Lemma rank_scalar_mx p (c : R) : \rank (c%:M : 'M[R]_p) = if c == 0 then 0%N else p.
Proof.
have [->|c_neq0] := eqVneq c 0; first by rewrite raddf0 mxrank0.
by rewrite -scalemx1 mxrank_scale_nz // mxrank1.
Qed.

Lemma rank_block_form_sqr_add n k (m : 'I_k -> nat) (w : 'I_k -> R)
    (A : forall i, 'M[R]_((m i).*2)) z (e : (\sum_(i < k) (m i).*2 + z)%N = n) x :
  normal_blocks w A -> 0 < x ->
  (\rank (block_form w A e *m block_form w A e + (x ^+ 2)%:M)%R + block_dim m w x)%N = n.
Proof.
move=> blocks x_gt0; have [_ w_gt0 _ _] := blocks.
rewrite block_form_sqr //; case: n / e; rewrite castmx_id.
rewrite [(x ^+ 2)%:M]scalar_mx_block -mxdiagZ add_block_mx !addr0 add0r -mxdiagD.
rewrite rank_diag_block_mx rank_mxdiag rank_scalar_mx sqrf_eq0 gt_eqF //.
rewrite /block_dim addnAC -big_split; congr addn; apply: eq_bigr => i _ /=.
rewrite -raddfD rank_scalar_mx addrC subr_eq0 eqrXn2 ?ltW // eq_sym.
by case: (w i == x); rewrite ?addn0.
Qed.

Lemma skew_sqr_scalar p (T : 'M[R]_p) w :
  0 < w -> T^T = - T -> T *m T = (- w ^+ 2)%:M ->
  [/\ skew_mx (w^-1 *: T), special_orthogonal (w^-1 *: T) & ~~ odd p].
Proof.
move=> w_gt0 skewT sqrT.
have skewA : (w^-1 *: T)^T = - (w^-1 *: T) by rewrite linearZ /= skewT scalerN.
have [orthA even_p] : special_orthogonal (w^-1 *: T) /\ ~~ odd p.
  apply: skew_sqrN1 => //.
  rewrite -scalemxAl -scalemxAr scalerA sqrT scale_scalar_mx -raddfN /=.
  by congr scalar_mx; field; rewrite gt_eqF.
by split.
Qed.

Lemma skew_sqr_sorted_block_form n (T : 'M[R]_n) :
  T^T = - T -> is_diag_mx (T *m T) ->
  (forall a b, (a <= b < n)%N -> coefn (T *m T) a a <= coefn (T *m T) b b) ->
  exists k (m : 'I_k -> nat) (w : 'I_k -> R) (A : forall i, 'M[R]_((m i).*2)) z
    (e : (\sum_(i < k) (m i).*2 + z)%N = n),
  [/\ normal_blocks w A,
      forall i, exists2 a, (a < n)%N & coefn (T *m T) a a = - w i ^+ 2 &
      T = block_form w A e].
Proof.
elim/ltn_ind: n T => n IHn T skewT diagT sortedT.
have [d0|d0] := eqVneq (coefn (T *m T) 0 0) 0.
  rewrite (skew_sqr_sorted_eq0 skewT sortedT d0).
  have e : (\sum_(i < 0) ((fun _ => 0%N) i).*2 + n)%N = n by rewrite big_ord0.
  exists 0%N, (fun _ => 0%N), (fun _ => 0), (fun _ => 0), n, e.
  by split=> [||//]; [apply: normal_blocks_nil | case | rewrite block_form_nil].
have n_gt0 : (0 < n)%N.
  by rewrite lt0n; apply: contraNneq d0 => n0; rewrite coefn_outl ?n0.
have [r [rn [T1 [T2 [r_gt0 defT sqrT1 sqrT2 lowT2]]]]] :=
  sorted_sqr_split n_gt0 diagT sortedT.
have [skewT1 skewT2] : T1^T = - T1 /\ T2^T = - T2.
  by apply: (skew_castmx_block_diag (e := subnKC rn)); rewrite -defT.
have diagT2 : is_diag_mx (T2 *m T2).
  apply/is_diag_mxP => i j ij; rewrite -coefnE sqrT2 coefn_diag //.
  by rewrite eqn_add2l.
have sortedT2 a b : (a <= b < n - r)%N -> coefn (T2 *m T2) a a <= coefn (T2 *m T2) b b.
  by move=> ab; rewrite !sqrT2 sortedT //; lia.
have [k [m [w [A [z [e [blocks wT2 defT2]]]]]]] :=
  IHn (n - r)%N ltac:(lia) T2 skewT2 diagT2 sortedT2.
pose c := - coefn (T *m T) 0 0.
have c_gt0 : 0 < c by rewrite oppr_gt0 lt_neqAle d0 skew_sqr_coefn_le0.
pose w0 := Num.sqrt c.
have w0_gt0 : 0 < w0 by rewrite sqrtr_gt0.
have w0_sqr : w0 ^+ 2 = c by rewrite sqr_sqrtr // ltW.
have [skewA1 orthA1 even_r] : [/\ skew_mx (w0^-1 *: T1),
    special_orthogonal (w0^-1 *: T1) & ~~ odd r].
  by apply: skew_sqr_scalar; rewrite // sqrT1 w0_sqr opprK.
have er : r = (r./2).*2 by rewrite even_halfK.
have e' : (\sum_(i < k.+1) (ocons r./2 m i).*2 + z)%N = n.
  by rewrite big_ocons -er -addnA e subnKC.
exists k.+1, (ocons r./2 m), (ocons w0 w), (mx_ocons (castmx (er, er) (w0^-1 *: T1)) A), z, e'.
split.
- apply: normal_blocks_cons => //.
  + by rewrite -double_gt0 -er.
  + move=> j; apply/eqP => wj; have [a an] := wT2 j.
    by rewrite wj w0_sqr => T2a; have := lowT2 a an; rewrite T2a /c opprK ltxx.
  + by apply: skew_castmx.
  + by apply: special_orthogonal_castmx.
- move=> i; case: (unliftP ord0 i) => [j|] ->.
    have [a an wa] := wT2 j; exists (r + a)%N; first lia.
    by rewrite oconsS -sqrT2.
  by exists 0%N; rewrite ?ocons0 ?w0_sqr ?opprK // (leq_trans r_gt0 rn).
apply: coefn_inj; rewrite (coefn_block_form_cons _ _ _ _ e) -defT2.
rewrite {1}defT coefn_castmx coefn_block_diag; congr bdiag; first exact: er.
apply/funext => a; apply/funext => b.
by rewrite coefnZ coefn_castmx coefnZ mulrA mulfV ?mul1r // gt_eqF.
Qed.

------------------------

| GOAL OF THE EXERCISE |
Each record above, from first to last, should be written out again exactly.

| RESULT |
Lemma rank_scalar_mx p (c : R) : \rank (c%:M : 'M[R]_p) = if c == 0 then 0%N else p.
Proof.
have [->|c_neq0] := eqVneq c 0; first by rewrite raddf0 mxrank0.
by rewrite -scalemx1 mxrank_scale_nz // mxrank1.
Qed.

Lemma rank_block_form_sqr_add n k (m : 'I_k -> nat) (w : 'I_k -> R)
    (A : forall i, 'M[R]_((m i).*2)) z (e : (\sum_(i < k) (m i).*2 + z)%N = n) x :
  normal_blocks w A -> 0 < x ->
  (\rank (block_form w A e *m block_form w A e + (x ^+ 2)%:M)%R + block_dim m w x)%N = n.
Proof.
move=> blocks x_gt0; have [_ w_gt0 _ _] := blocks.
rewrite block_form_sqr //; case: n / e; rewrite castmx_id.
rewrite [(x ^+ 2)%:M]scalar_mx_block -mxdiagZ add_block_mx !addr0 add0r -mxdiagD.
rewrite rank_diag_block_mx rank_mxdiag rank_scalar_mx sqrf_eq0 gt_eqF //.
rewrite /block_dim addnAC -big_split; congr addn; apply: eq_bigr => i _ /=.
rewrite -raddfD rank_scalar_mx addrC subr_eq0 eqrXn2 ?ltW // eq_sym.
by case: (w i == x); rewrite ?addn0.
Qed.

Lemma skew_sqr_scalar p (T : 'M[R]_p) w :
  0 < w -> T^T = - T -> T *m T = (- w ^+ 2)%:M ->
  [/\ skew_mx (w^-1 *: T), special_orthogonal (w^-1 *: T) & ~~ odd p].
Proof.
move=> w_gt0 skewT sqrT.
have skewA : (w^-1 *: T)^T = - (w^-1 *: T) by rewrite linearZ /= skewT scalerN.
have [orthA even_p] : special_orthogonal (w^-1 *: T) /\ ~~ odd p.
  apply: skew_sqrN1 => //.
  rewrite -scalemxAl -scalemxAr scalerA sqrT scale_scalar_mx -raddfN /=.
  by congr scalar_mx; field; rewrite gt_eqF.
by split.
Qed.

Lemma skew_sqr_sorted_block_form n (T : 'M[R]_n) :
  T^T = - T -> is_diag_mx (T *m T) ->
  (forall a b, (a <= b < n)%N -> coefn (T *m T) a a <= coefn (T *m T) b b) ->
  exists k (m : 'I_k -> nat) (w : 'I_k -> R) (A : forall i, 'M[R]_((m i).*2)) z
    (e : (\sum_(i < k) (m i).*2 + z)%N = n),
  [/\ normal_blocks w A,
      forall i, exists2 a, (a < n)%N & coefn (T *m T) a a = - w i ^+ 2 &
      T = block_form w A e].
Proof.
elim/ltn_ind: n T => n IHn T skewT diagT sortedT.
have [d0|d0] := eqVneq (coefn (T *m T) 0 0) 0.
  rewrite (skew_sqr_sorted_eq0 skewT sortedT d0).
  have e : (\sum_(i < 0) ((fun _ => 0%N) i).*2 + n)%N = n by rewrite big_ord0.
  exists 0%N, (fun _ => 0%N), (fun _ => 0), (fun _ => 0), n, e.
  by split=> [||//]; [apply: normal_blocks_nil | case | rewrite block_form_nil].
have n_gt0 : (0 < n)%N.
  by rewrite lt0n; apply: contraNneq d0 => n0; rewrite coefn_outl ?n0.
have [r [rn [T1 [T2 [r_gt0 defT sqrT1 sqrT2 lowT2]]]]] :=
  sorted_sqr_split n_gt0 diagT sortedT.
have [skewT1 skewT2] : T1^T = - T1 /\ T2^T = - T2.
  by apply: (skew_castmx_block_diag (e := subnKC rn)); rewrite -defT.
have diagT2 : is_diag_mx (T2 *m T2).
  apply/is_diag_mxP => i j ij; rewrite -coefnE sqrT2 coefn_diag //.
  by rewrite eqn_add2l.
have sortedT2 a b : (a <= b < n - r)%N -> coefn (T2 *m T2) a a <= coefn (T2 *m T2) b b.
  by move=> ab; rewrite !sqrT2 sortedT //; lia.
have [k [m [w [A [z [e [blocks wT2 defT2]]]]]]] :=
  IHn (n - r)%N ltac:(lia) T2 skewT2 diagT2 sortedT2.
pose c := - coefn (T *m T) 0 0.
have c_gt0 : 0 < c by rewrite oppr_gt0 lt_neqAle d0 skew_sqr_coefn_le0.
pose w0 := Num.sqrt c.
have w0_gt0 : 0 < w0 by rewrite sqrtr_gt0.
have w0_sqr : w0 ^+ 2 = c by rewrite sqr_sqrtr // ltW.
have [skewA1 orthA1 even_r] : [/\ skew_mx (w0^-1 *: T1),
    special_orthogonal (w0^-1 *: T1) & ~~ odd r].
  by apply: skew_sqr_scalar; rewrite // sqrT1 w0_sqr opprK.
have er : r = (r./2).*2 by rewrite even_halfK.
have e' : (\sum_(i < k.+1) (ocons r./2 m i).*2 + z)%N = n.
  by rewrite big_ocons -er -addnA e subnKC.
exists k.+1, (ocons r./2 m), (ocons w0 w), (mx_ocons (castmx (er, er) (w0^-1 *: T1)) A), z, e'.
split.
- apply: normal_blocks_cons => //.
  + by rewrite -double_gt0 -er.
  + move=> j; apply/eqP => wj; have [a an] := wT2 j.
    by rewrite wj w0_sqr => T2a; have := lowT2 a an; rewrite T2a /c opprK ltxx.
  + by apply: skew_castmx.
  + by apply: special_orthogonal_castmx.
- move=> i; case: (unliftP ord0 i) => [j|] ->.
    have [a an wa] := wT2 j; exists (r + a)%N; first lia.
    by rewrite oconsS -sqrT2.
  by exists 0%N; rewrite ?ocons0 ?w0_sqr ?opprK // (leq_trans r_gt0 rn).
apply: coefn_inj; rewrite (coefn_block_form_cons _ _ _ _ e) -defT2.
rewrite {1}defT coefn_castmx coefn_block_diag; congr bdiag; first exact: er.
apply/funext => a; apply/funext => b.
by rewrite coefnZ coefn_castmx coefnZ mulrA mulfV ?mul1r // gt_eqF.
Qed.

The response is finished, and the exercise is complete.